INFORMATION SHOWN ::
◆ ◆ ◆ ◆ ◆

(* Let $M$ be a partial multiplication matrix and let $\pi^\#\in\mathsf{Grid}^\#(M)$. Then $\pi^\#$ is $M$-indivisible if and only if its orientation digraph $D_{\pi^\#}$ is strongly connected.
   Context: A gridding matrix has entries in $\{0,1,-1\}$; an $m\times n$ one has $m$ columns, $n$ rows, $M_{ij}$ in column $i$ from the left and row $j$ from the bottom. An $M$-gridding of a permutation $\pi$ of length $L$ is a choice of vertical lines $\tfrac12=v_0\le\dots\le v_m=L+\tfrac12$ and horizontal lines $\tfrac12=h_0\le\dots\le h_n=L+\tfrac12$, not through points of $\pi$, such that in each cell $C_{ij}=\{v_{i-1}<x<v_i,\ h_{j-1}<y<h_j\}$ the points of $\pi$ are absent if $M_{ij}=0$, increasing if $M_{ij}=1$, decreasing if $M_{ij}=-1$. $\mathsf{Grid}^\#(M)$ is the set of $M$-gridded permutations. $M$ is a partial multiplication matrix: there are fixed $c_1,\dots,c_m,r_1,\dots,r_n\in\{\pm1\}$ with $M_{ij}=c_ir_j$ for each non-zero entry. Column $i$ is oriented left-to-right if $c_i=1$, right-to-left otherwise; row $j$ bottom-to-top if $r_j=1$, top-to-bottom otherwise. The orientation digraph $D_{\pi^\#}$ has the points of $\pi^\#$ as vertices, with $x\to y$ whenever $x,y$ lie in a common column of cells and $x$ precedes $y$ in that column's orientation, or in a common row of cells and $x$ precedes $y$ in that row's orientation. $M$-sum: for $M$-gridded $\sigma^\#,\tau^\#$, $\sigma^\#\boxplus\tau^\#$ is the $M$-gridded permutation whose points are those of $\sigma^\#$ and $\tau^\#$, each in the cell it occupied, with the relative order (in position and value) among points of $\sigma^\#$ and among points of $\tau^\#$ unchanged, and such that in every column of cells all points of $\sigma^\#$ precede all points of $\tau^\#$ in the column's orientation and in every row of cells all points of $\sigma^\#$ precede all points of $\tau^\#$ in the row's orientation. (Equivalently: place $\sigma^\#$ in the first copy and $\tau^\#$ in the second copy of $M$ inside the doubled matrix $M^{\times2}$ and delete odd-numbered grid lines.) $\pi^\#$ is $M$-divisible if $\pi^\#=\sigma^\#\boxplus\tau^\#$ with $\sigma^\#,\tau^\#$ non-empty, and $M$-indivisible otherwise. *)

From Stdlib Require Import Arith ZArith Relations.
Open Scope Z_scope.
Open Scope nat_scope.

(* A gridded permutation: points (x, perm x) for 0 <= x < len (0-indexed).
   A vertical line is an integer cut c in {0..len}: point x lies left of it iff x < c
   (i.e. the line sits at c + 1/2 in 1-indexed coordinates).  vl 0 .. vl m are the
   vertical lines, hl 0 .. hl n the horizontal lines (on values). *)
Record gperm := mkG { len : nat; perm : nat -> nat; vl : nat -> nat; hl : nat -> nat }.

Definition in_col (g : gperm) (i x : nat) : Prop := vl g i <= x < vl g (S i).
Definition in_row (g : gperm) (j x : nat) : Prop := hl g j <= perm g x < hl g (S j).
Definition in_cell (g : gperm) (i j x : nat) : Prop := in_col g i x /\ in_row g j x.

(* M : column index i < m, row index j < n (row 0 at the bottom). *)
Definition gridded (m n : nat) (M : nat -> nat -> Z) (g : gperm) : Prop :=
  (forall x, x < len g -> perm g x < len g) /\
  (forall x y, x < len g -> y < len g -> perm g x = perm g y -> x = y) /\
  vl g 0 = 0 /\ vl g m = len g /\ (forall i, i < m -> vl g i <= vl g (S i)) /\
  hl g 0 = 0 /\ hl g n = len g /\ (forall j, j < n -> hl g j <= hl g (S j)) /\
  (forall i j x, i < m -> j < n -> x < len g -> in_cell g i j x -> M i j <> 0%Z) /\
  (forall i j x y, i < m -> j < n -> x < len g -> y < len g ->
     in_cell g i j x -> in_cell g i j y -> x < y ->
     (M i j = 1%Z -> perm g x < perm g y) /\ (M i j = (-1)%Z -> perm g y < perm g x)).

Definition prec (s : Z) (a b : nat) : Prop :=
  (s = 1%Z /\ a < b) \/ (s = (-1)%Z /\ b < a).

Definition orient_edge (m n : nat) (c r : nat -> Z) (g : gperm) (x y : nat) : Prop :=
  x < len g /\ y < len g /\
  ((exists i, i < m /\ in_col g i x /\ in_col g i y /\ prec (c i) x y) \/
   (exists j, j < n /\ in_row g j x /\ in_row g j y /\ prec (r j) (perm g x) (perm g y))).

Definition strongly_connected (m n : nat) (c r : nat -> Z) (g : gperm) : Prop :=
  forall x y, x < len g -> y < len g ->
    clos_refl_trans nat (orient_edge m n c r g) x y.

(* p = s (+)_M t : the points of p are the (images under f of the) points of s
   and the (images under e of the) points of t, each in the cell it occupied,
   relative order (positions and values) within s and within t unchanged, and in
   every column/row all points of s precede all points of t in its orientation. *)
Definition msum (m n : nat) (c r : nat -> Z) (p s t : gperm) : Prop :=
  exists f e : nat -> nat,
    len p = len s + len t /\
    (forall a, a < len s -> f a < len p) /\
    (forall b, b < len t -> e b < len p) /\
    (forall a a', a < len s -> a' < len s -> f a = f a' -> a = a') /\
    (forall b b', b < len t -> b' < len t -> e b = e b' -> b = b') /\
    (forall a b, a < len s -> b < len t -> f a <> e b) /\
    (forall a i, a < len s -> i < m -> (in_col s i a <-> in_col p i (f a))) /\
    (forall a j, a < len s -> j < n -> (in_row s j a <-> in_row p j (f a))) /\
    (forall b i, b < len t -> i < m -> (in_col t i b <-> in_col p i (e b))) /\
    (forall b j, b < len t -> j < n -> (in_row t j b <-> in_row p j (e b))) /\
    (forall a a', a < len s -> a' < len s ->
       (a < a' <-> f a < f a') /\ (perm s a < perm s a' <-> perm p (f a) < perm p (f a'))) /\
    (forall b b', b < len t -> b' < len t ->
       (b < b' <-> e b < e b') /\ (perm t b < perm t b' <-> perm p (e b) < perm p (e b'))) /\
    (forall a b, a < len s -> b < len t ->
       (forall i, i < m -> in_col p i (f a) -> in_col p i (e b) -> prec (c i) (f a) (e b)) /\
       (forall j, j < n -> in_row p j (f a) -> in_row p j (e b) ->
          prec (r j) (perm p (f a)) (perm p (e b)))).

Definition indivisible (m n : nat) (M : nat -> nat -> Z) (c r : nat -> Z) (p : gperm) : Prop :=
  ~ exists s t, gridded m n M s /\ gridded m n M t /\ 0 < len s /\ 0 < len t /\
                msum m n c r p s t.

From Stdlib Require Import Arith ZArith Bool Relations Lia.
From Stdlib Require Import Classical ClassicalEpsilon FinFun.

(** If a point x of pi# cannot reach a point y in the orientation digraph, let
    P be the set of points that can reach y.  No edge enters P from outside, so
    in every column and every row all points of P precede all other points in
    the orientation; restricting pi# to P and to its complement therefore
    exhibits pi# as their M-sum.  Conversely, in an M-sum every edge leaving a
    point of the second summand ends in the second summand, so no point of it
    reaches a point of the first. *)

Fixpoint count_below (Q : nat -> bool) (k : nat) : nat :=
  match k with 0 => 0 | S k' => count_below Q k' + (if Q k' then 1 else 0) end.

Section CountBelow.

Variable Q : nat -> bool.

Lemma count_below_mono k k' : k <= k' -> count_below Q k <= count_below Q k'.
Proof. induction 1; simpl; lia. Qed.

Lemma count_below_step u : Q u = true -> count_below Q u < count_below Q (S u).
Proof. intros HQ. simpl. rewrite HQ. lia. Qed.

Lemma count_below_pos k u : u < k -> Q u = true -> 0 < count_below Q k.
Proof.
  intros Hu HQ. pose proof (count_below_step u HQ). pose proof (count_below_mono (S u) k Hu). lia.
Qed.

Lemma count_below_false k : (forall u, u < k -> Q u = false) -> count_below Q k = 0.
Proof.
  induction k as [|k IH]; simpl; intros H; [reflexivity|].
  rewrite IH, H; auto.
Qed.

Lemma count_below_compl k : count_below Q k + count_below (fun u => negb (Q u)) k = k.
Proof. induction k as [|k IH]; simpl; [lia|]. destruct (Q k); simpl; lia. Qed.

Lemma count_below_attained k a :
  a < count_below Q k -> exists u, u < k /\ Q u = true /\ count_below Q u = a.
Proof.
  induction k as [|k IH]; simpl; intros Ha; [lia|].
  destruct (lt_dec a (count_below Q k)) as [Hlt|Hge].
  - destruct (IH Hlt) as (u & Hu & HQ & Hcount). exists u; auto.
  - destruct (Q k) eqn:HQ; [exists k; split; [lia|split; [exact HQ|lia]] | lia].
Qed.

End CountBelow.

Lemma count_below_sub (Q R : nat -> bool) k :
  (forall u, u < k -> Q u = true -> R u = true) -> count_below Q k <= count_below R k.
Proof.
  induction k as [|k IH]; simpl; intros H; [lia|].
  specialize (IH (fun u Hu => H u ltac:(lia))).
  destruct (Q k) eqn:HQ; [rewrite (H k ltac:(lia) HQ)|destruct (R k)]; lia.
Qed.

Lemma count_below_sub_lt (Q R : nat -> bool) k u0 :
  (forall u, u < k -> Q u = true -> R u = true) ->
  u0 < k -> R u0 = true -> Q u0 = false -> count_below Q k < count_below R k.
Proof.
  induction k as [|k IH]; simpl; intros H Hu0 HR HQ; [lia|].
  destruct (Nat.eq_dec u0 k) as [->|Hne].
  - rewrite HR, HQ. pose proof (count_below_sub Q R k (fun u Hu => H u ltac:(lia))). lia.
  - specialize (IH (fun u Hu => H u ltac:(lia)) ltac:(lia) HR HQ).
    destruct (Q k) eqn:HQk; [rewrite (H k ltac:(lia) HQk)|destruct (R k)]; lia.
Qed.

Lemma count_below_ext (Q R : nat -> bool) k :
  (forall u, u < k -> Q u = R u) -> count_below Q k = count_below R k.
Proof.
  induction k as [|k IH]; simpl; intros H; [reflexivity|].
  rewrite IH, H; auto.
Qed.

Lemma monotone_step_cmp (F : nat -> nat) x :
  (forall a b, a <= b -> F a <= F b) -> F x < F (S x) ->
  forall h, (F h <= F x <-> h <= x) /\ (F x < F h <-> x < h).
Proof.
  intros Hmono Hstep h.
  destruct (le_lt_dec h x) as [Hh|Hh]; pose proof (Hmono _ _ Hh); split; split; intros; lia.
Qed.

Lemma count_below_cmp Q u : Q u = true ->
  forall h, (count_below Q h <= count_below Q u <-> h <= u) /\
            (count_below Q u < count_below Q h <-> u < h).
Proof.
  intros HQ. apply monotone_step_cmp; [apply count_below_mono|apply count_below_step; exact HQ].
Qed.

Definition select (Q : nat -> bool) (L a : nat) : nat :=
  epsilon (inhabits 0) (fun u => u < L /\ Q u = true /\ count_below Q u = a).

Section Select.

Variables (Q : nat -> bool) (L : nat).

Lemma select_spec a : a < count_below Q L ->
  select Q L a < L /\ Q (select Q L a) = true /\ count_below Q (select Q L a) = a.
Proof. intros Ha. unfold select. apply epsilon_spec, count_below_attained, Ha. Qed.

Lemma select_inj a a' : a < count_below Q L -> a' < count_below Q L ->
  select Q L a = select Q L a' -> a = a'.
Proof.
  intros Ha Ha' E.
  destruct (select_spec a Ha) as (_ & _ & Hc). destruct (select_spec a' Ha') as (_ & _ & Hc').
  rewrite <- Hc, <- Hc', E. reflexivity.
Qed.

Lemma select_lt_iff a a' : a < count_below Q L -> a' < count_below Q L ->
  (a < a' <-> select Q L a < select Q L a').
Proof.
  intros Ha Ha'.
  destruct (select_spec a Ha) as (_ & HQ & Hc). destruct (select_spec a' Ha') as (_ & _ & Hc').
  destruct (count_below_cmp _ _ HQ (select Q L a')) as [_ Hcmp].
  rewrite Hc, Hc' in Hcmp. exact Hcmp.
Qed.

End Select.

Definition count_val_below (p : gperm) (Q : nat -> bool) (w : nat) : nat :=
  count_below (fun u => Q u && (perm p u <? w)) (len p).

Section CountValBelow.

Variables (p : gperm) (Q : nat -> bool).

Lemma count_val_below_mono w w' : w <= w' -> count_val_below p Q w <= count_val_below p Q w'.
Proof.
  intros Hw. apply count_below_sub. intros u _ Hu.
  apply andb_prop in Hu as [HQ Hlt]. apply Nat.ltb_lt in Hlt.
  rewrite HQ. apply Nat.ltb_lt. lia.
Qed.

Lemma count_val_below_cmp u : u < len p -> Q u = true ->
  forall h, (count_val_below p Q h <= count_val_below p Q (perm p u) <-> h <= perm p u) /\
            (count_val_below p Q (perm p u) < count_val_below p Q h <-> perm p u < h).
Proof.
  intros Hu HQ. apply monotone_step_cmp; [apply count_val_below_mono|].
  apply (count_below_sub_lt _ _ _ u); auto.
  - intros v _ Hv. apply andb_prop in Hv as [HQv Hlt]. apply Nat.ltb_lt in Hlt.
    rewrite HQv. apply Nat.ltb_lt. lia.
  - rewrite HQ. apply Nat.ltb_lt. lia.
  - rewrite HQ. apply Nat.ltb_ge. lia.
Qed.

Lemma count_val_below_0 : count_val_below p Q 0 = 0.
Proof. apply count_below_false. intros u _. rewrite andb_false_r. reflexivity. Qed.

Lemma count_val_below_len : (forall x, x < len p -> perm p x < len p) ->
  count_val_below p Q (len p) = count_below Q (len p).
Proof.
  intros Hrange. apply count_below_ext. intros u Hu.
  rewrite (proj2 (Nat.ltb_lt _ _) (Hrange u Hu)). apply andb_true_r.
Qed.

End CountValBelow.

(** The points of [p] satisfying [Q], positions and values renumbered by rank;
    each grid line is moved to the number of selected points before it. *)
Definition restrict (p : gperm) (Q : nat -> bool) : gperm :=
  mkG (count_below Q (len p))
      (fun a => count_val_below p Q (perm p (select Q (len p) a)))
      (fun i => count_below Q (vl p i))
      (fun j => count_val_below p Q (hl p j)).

◆ ◆ ◆ ◆ ◆

AIM OF THE TASK ::
What lines in the material above hold the string "destruct"? List them.

EXPECTED ANSWER ::
Proof. induction k as [|k IH]; simpl; [lia|]. destruct (Q k); simpl; lia. Qed.
  destruct (lt_dec a (count_below Q k)) as [Hlt|Hge].
  - destruct (IH Hlt) as (u & Hu & HQ & Hcount). exists u; auto.
  - destruct (Q k) eqn:HQ; [exists k; split; [lia|split; [exact HQ|lia]] | lia].
  destruct (Q k) eqn:HQ; [rewrite (H k ltac:(lia) HQ)|destruct (R k)]; lia.
  destruct (Nat.eq_dec u0 k) as [->|Hne].
    destruct (Q k) eqn:HQk; [rewrite (H k ltac:(lia) HQk)|destruct (R k)]; lia.
  destruct (le_lt_dec h x) as [Hh|Hh]; pose proof (Hmono _ _ Hh); split; split; intros; lia.
  destruct (select_spec a Ha) as (_ & _ & Hc). destruct (select_spec a' Ha') as (_ & _ & Hc').
  destruct (select_spec a Ha) as (_ & HQ & Hc). destruct (select_spec a' Ha') as (_ & _ & Hc').
  destruct (count_below_cmp _ _ HQ (select Q L a')) as [_ Hcmp].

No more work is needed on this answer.